Join two datasets together (x and y):

  1. full_join: it can join and return all rows and columns from two datasets by a common variable. Where there are not matching values, returns NA for the missing one.
  2. left_join: it can return all rows from x and all columns from x and y. Rows in x with no match in y will have NA values in the new columns. If there are multiple matches between x and y, all combinations of the matches are returned.
  3. right_join: it can return all rows from y, and all columns from x and y. Rows in y with no match in x will have NA values in the new columns. If there are multiple matches between x and y, all combinations of the matches are returned.
  4. inner_join: it can return all rows from x where there are matching values in y, and all columns from x and y. If there are multiple matches between x and y, all combination of the matches are returned.

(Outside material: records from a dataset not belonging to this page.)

Lemma tail_notin_del_arc r X x y :
  x \in X -> subrel (rel_tail_notin r X) (del_arc r x y).
Proof.
move=> xX u v /andP [ruv uX]; rewrite /del_arc ruv.
by apply: contraNneq uX => -[-> _].
Qed.

Lemma head_notin_del_arc r Y x y :
  y \in Y -> subrel (rel_head_notin r Y) (del_arc r x y).
Proof.
move=> yY u v /andP [ruv vY]; rewrite /del_arc ruv.
by apply: contraNneq vY => -[_ ->].
Qed.

Lemma linked_sub r r' A B k : subrel r r' -> linked r A B k -> linked r' A B k.
Proof.
move=> rr' [D [f [DA cD fB fD]]]; exists D, f; split=> // a /fB [af lB].
by split=> //; apply: sub_path af.
Qed.

Lemma linked_arcs0 r A B k :
  arcs r = set0 -> (forall S, separates r S A B -> k <= #|S|) -> linked r A B k.
Proof.
move=> arcs0 sep; have noarc u v : ~~ r u v.
  by apply/negP => ruv; have := in_set0 (u, v); rewrite -arcs0 inE ruv.
have /card_geqP [s [us ks sAB]] : k <= #|A :&: B|.
  apply: sep => x [|c p] xA /=; last by rewrite (negbTE (noarc x c)).
  by move=> _ xB; exists x; rewrite ?mem_head ?inE ?xA.
exists [set a in s], (fun=> [::]); split.
- by apply/subsetP => a; rewrite inE => /sAB /setIP [].
- by rewrite cardsE (card_uniqP us).
- by move=> a; rewrite inE => /sAB /setIP [].
- by move=> a b v _ _; rewrite !mem_seq1 => /eqP-> /eqP.
Qed.
(* Let $K$ be a finite index subgroup of $F_2$. Then for any $h\in\Xi$ and any $z\in F_2$, \[ \lim_{n\to\infty} d_n^h(zK)=\frac{1}{[F_2:K]}. \]
   Context: $F_2$ is the free group on $a,b$ and $\Xi=\{a,b,a^{-1},b^{-1}\}$; $S_n$ is the set of elements of $F_2$ whose reduced word in $\Xi$ has length $n$. For $A\subseteq F_2$, $h\in\Xi$ and $n\geq1$, define $d_n^h(A)=\frac{1}{2}\left(\frac{|A\cap S_n|}{|S_n|}+\frac{|A\cap hS_n|}{|S_n|}\right)$, where $hS_n=\{hg:g\in S_n\}$. *)

From HB Require Import structures.
From mathcomp Require Import all_boot all_order all_algebra.
From mathcomp Require Import all_classical all_reals all_analysis.
Set Implicit Arguments. Unset Strict Implicit. Unset Printing Implicit Defensive.
Import Order.TTheory GRing.Theory Num.Theory.

(* Letters Xi = {a, b, a^-1, b^-1} encoded as 'I_4 : 0 = a, 1 = b, 2 = a^-1, 3 = b^-1. *)
Definition letter := 'I_4.
Definition linv (x : letter) : letter := inord ((x + 2) %% 4).

Definition nonred (x y : letter) : bool := y != linv x.
Definition reduced (w : seq letter) : bool :=
  if w is x :: s then path nonred x s else true.

Definition push (x : letter) (s : seq letter) : seq letter :=
  if s is y :: s' then (if y == linv x then s' else x :: s) else [:: x].
Definition reduce (w : seq letter) : seq letter := foldr push [::] w.

Lemma reduce_reduced (w : seq letter) : reduced (reduce w).
Proof.
elim: w => [|x w IH] //=; rewrite /push.
case Hr: (reduce w) IH => [|y s] //= Hp.
case: ifP => Hy //=; first by case: s Hp {Hr} => //= z s /andP [].
by rewrite /nonred Hy.
Qed.
(* Let $\mathcal{G}=\langle S,A,T,s_0,F\rangle$ be a two-player turn-based deterministic reachability game, let $s_1,s_2\in\mathrm{Win}_2(\mathcal{G},F)\setminus F$, and set $Y_1=\{s_1\}$, $Y_2=\{s_2\}$, $Y=Y_1\cup Y_2$. Then $\mathrm{DSWin}_1(\emptyset,Y)$ equals P1's sure winning region in the turn-based game with state set $\mathrm{Win}_2(\mathcal{G}^2_{\emptyset,Y},F)$ and transition function $\widehat T_{\emptyset,Y}$, in which P1's goal is to reach the target set $\mathrm{DSWin}_1(\emptyset,Y_1)\cup\mathrm{DSWin}_1(\emptyset,Y_2)$ and P2's goal is to prevent P1 from reaching it.
   Context: A two-player turn-based deterministic reachability game is a tuple $\mathcal{G}=\langle S,A,T,s_0,F\rangle$: $S$ finite, partitioned into P1 states $S_1$ and P2 states $S_2$; $A=A_1\cup A_2$ (P1 and P2 actions); $T:(S_1\times A_1)\cup(S_2\times A_2)\to S$ deterministic, possibly partial ($a$ enabled at $s$ iff $T(s,a)$ defined; every state has an enabled action); $s_0$ initial; $F\subseteq S$ a set of sink states (P2's goal). For a target $R\subseteq S$: $Z_0=R$, $Z_{k+1}=Z_k\cup\{s\in S_1:T(s,a)\in Z_k\ \forall\text{ enabled }a\}\cup\{s\in S_2:T(s,a)\in Z_k\text{ for some enabled }a\}$; $\mathrm{Win}_2(\mathcal{G},R)=\bigcup_kZ_k$; $\mathrm{rank}_{\mathcal{G},R}(s)=\min\{k:s\in Z_k\}$ ($\infty$ if none). For disjoint $X,Y\subseteq\mathrm{Win}_2(\mathcal{G},F)\setminus F$ (traps $X$, fake targets $Y$): the true game $\mathcal{G}^1_{X,Y}$ has states $S$, transitions $T_{X,Y}(q,a)=T(q,a)$ if $q\notin X\cup Y$ and $T_{X,Y}(q,a)=q$ if $q\in X\cup Y$; P2's perceptual game $\mathcal{G}^2_{X,Y}$ has transitions $T$ and goal $F\cup Y$, with $\mathrm{rank}_{\mathcal{G}^2_{X,Y}}:=\mathrm{rank}_{\mathcal{G},F\cup Y}$; $\mathrm{Win}_2(\mathcal{G}^2_{X,Y},F)$ is P2's winning region for target $F$ computed with transitions $T$. Subjectively rationalizable actions: for $q\in S_2\cap\mathrm{Win}_2(\mathcal{G},F)\setminus(F\cup Y)$, $\mathsf{SRActs}_{X,Y}(q)=\{a\text{ enabled}:\mathrm{rank}_{\mathcal{G}^2_{X,Y}}(T(q,a))<\mathrm{rank}_{\mathcal{G}^2_{X,Y}}(q)\}$; at every other state, all enabled actions. $\widehat T_{X,Y}(q,a)=T(q,a)$ if $a\in\mathsf{SRActs}_{X,Y}(q)$, undefined otherwise. A memoryless deterministic strategy of either player is subjectively rationalizable if it picks an action in $\mathsf{SRActs}_{X,Y}(q)$ at each of that player's states $q$. A memoryless deterministic P1 strategy $\pi_1$ is stealthy deceptive sure winning at $s$ if it is subjectively rationalizable and, for every subjectively rationalizable memoryless deterministic P2 strategy $\pi_2$, every path from $s$ generated by $(\pi_1,\pi_2)$ in the true game $\mathcal{G}^1_{X,Y}$ visits $X\cup Y$ within finitely many steps; $\mathrm{DSWin}_1(X,Y)$ is the set of states at which such a strategy exists. P1's sure winning region for a target $R'$ in a turn-based game is the set of states from which P1 has a strategy guaranteeing, against every P2 strategy, that every path visits $R'$ within finitely many steps.
   Formalization: P1's sure winning region in the game on $\mathrm{Win}_2(\mathcal{G}^2_{\emptyset,Y},F)$ equals $\mathrm{DSWin}_1(\emptyset,Y)\cap\mathrm{Win}_2(\mathcal{G},F)$ rather than $\mathrm{DSWin}_1(\emptyset,Y)$ itself. The statement above fails without it. *)

From mathcomp Require Import all_boot.
From Stdlib Require Import ClassicalEpsilon.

The functions which are used to fix typos: The stringr package is a part of the tidyverse and provides lots of options for working with character strings

  1. str_replace: it allows us to replace parts of strings that match a certain pattern with another pattern.
  2. str_detect: it will return a TRUE or FALSE depending on if the pattern specified is detected.
  3. str_to_sentence: it can change a string to ‘sentence case’ which starts with a capitalized letter and the rest of the letters are lowercase.
  4. str_replace_all: it can replace all instances of the specified pattern while str_replace() only replaces the first instance.
  5. str_remove: it is a shortcut for str_replace() where the replacement is ‘nothing’.

--

--